This was no sprint. It was a marathon, marked by lessons and kinship from allies who have prioritized youth voices against structural barriers too great to ignore.
Two years ago, Newark passed an historic ordinance allowing 16- and 17-year-olds to vote in school board elections. In 2025 that policy was implemented, opening the door for young people to shape decisions that directly impact their daily lives.
Yet turnout numbers raised a familiar question: Where were the youth?
If I had not witnessed the organizing myself, the depth of it, the discipline of it, I might believe the narrative of youth apathy. That narrative is false. What happened this election cycle cannot be dismissed as disinterest. It demands accountability from the systems meant to support young voters. This was not a failure of young people. It was a failure of the adults who control and influence the system.

Newark has always been a place where youth power drives change. For 22 years, its public schools were under state control. Local oversight was restored in 2018 after sustained organizing by parents, educators and young people who refused to be ignored. Lowering the voting age is the next chapter. It is not the finish line. It is an invitation to build a full youth voting bloc, ages 16 to 24, and to establish civic habits that last into adulthood.
As the late Rep. John Lewis reminded us, democracy requires good trouble, necessary trouble. Then-Newark City Council President LaMonica McIver, who sponsored the ordinance, was inspired to pursue elected office by her fifth-grade teacher, now Mayor Ras Baraka. The student became the legislator. The teacher became the mayor. Power builds over time, but only if we nurture it. That responsibility sits with all of us.
The Youth Power Action Coalition did not arrive fully formed. It grew.
In August, young people began showing up to Board of Education meetings with specific questions rooted in their lived experiences, from school infrastructure to mental health support. They were not there to complain. They came with purpose. By October, they brought agendas and youth-authored white papers. Month after month, they returned. By April, the coalition had grown to 292 members across Newark and neighboring cities. Between 20 and 40 youth attended every board meeting since August, often outnumbering adults. They knocked on 3,000 doors across Newark between mid-February and late March, organizing in rain and cold.

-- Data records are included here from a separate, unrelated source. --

(* Let $M>0$, $\beta^*>0$, and let $g$ be the log-normal density $g(t)=\frac{1}{t\sigma\sqrt{2\pi}}\exp\!\big(-\frac{(\ln t-\mu)^2}{2\sigma^2}\big)$ for $t>0$, $g(t)=0$ for $t\le0$ ($\mu\in\mathbb{R}$, $\sigma>0$). Let $I$ be the unique $C^1$ solution on $[0,\infty)$ of \[ I'(t)=\beta^*(M-I(t))\Big(I(t)-\int_0^t g(t-s)I(s)\,ds\Big),\qquad I(0)=I_0\in[0,M]. \] Then the limit $I_\infty:=\lim_{t\to\infty}I(t)$ exists in $\mathbb{R}$. *)

From Stdlib Require Import Reals Lra.
From Coquelicot Require Import Coquelicot.
Open Scope R_scope.

Definition lognormal (mu sigma : R) (t : R) : R :=
  if Rlt_dec 0 t then
    / (t * sigma * sqrt (2 * PI)) * exp (- (ln t - mu) ^ 2 / (2 * sigma ^ 2))
  else 0.

Definition C1_on_nonneg (f f' : R -> R) : Prop :=
  (forall t, 0 < t -> is_derive f t (f' t)) /\
  filterlim (fun h => (f h - f 0) / h) (at_right 0) (locally (f' 0)) /\
  (forall t, 0 < t -> continuous f' t) /\
  filterlim f' (at_right 0) (locally (f' 0)).

Definition is_solution (beta M I0 : R) (g : R -> R) (I : R -> R) : Prop :=
  exists I' : R -> R,
    C1_on_nonneg I I' /\
    I 0 = I0 /\
    forall t, 0 <= t ->
      I' t = beta * (M - I t) * (I t - RInt (fun s => g (t - s) * I s) 0 t).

In January, their policy proposal moved through the governance committee. It called for a co-designed, district-wide youth survey to track program impacts on students across schools, building toward a transparent accountability system shaped by young people themselves. The district said no in February. They came back anyway.
Organizations like The Gem Project, the convener of the Youth Power Action Coalition, worked to match that energy with infrastructure. We prioritized online voter registration to reduce errors, tracked pledges, sent deadline reminders and hosted weekly civic education sessions where young people learned their rights, confirmed polling locations and registered.
Coalition allies showed up, too.
Newark Youth Career Pathways organized students across five partner schools to attend those same sessions, moving young people from awareness to online registration. Great Oaks Legacy Charter School engaged its juniors and seniors in a schoolwide vote-by mail-effort, marching youth together to deposit ballots in a secure mailbox the day before the election. Complex Visions Newark, hearing directly from students that there was little to no chatter about the election across school spaces, launched youth-targeted social campaigns to fill that gap.
Each organization brought something different. Together, they built what no single organization could have built alone.
On April 21, people ages 16 and 17 cast their ballots. More than 25% of them rode our buses. In all, Newark has 1,524 registered voters of those ages — and only 45 came out. That gap tells a story.
The young people arrived at the polls, and the system broke down in real time. Young voters who had registered weeks in advance could not find their names in the system, even with voter acknowledgment cards in hand. Others were sent to incorrect polling locations instead of being offered provisional ballots. Some arrived at locations where staff did not know an election was taking place. Some were told they were not eligible to vote because of their age, despite the ordinance.
These barriers did not affect only 16- and 17-year-olds. Eighteen-year-olds faced them, too. We know because we were there. Chaperones advocated in real time. Without that support, many young people would have walked away without voting.
What keeps me up at night are the young people who believed they were not eligible and left. The ones who did not know they could request a provisional ballot. The ones who encountered resistance without anyone beside them. That is the part of this story we may never fully know. These are not minor errors. They are systemic failures.
Grassroots organizations cannot carry this alone. Civic tradition does not survive on momentum alone. It requires repetition, coordination and institutional commitment: year-round, across every school, at every level. What was built in Year 1 was not sustained into Year 2. Poll workers must be trained on current ordinances. Registration systems must minimize error and include follow-up. Young people must know their rights before they arrive at the polls, not after they have been turned away.
As a city and as a state, we must do better. It will take parents, educators, community organizations and institutions working together to build something that lasts, not just when it makes history. Youth are watching whether the adults in power mean what they say about prioritizing their voices. You do not invest only when it is new and the cameras are present. You invest over and over again until it becomes tradition.
One thing is certain: We will be there alongside them, whether in moments of visibility or in the quiet years between. Young people deserve to be not only invited into democracy, but also fully supported in participating in it.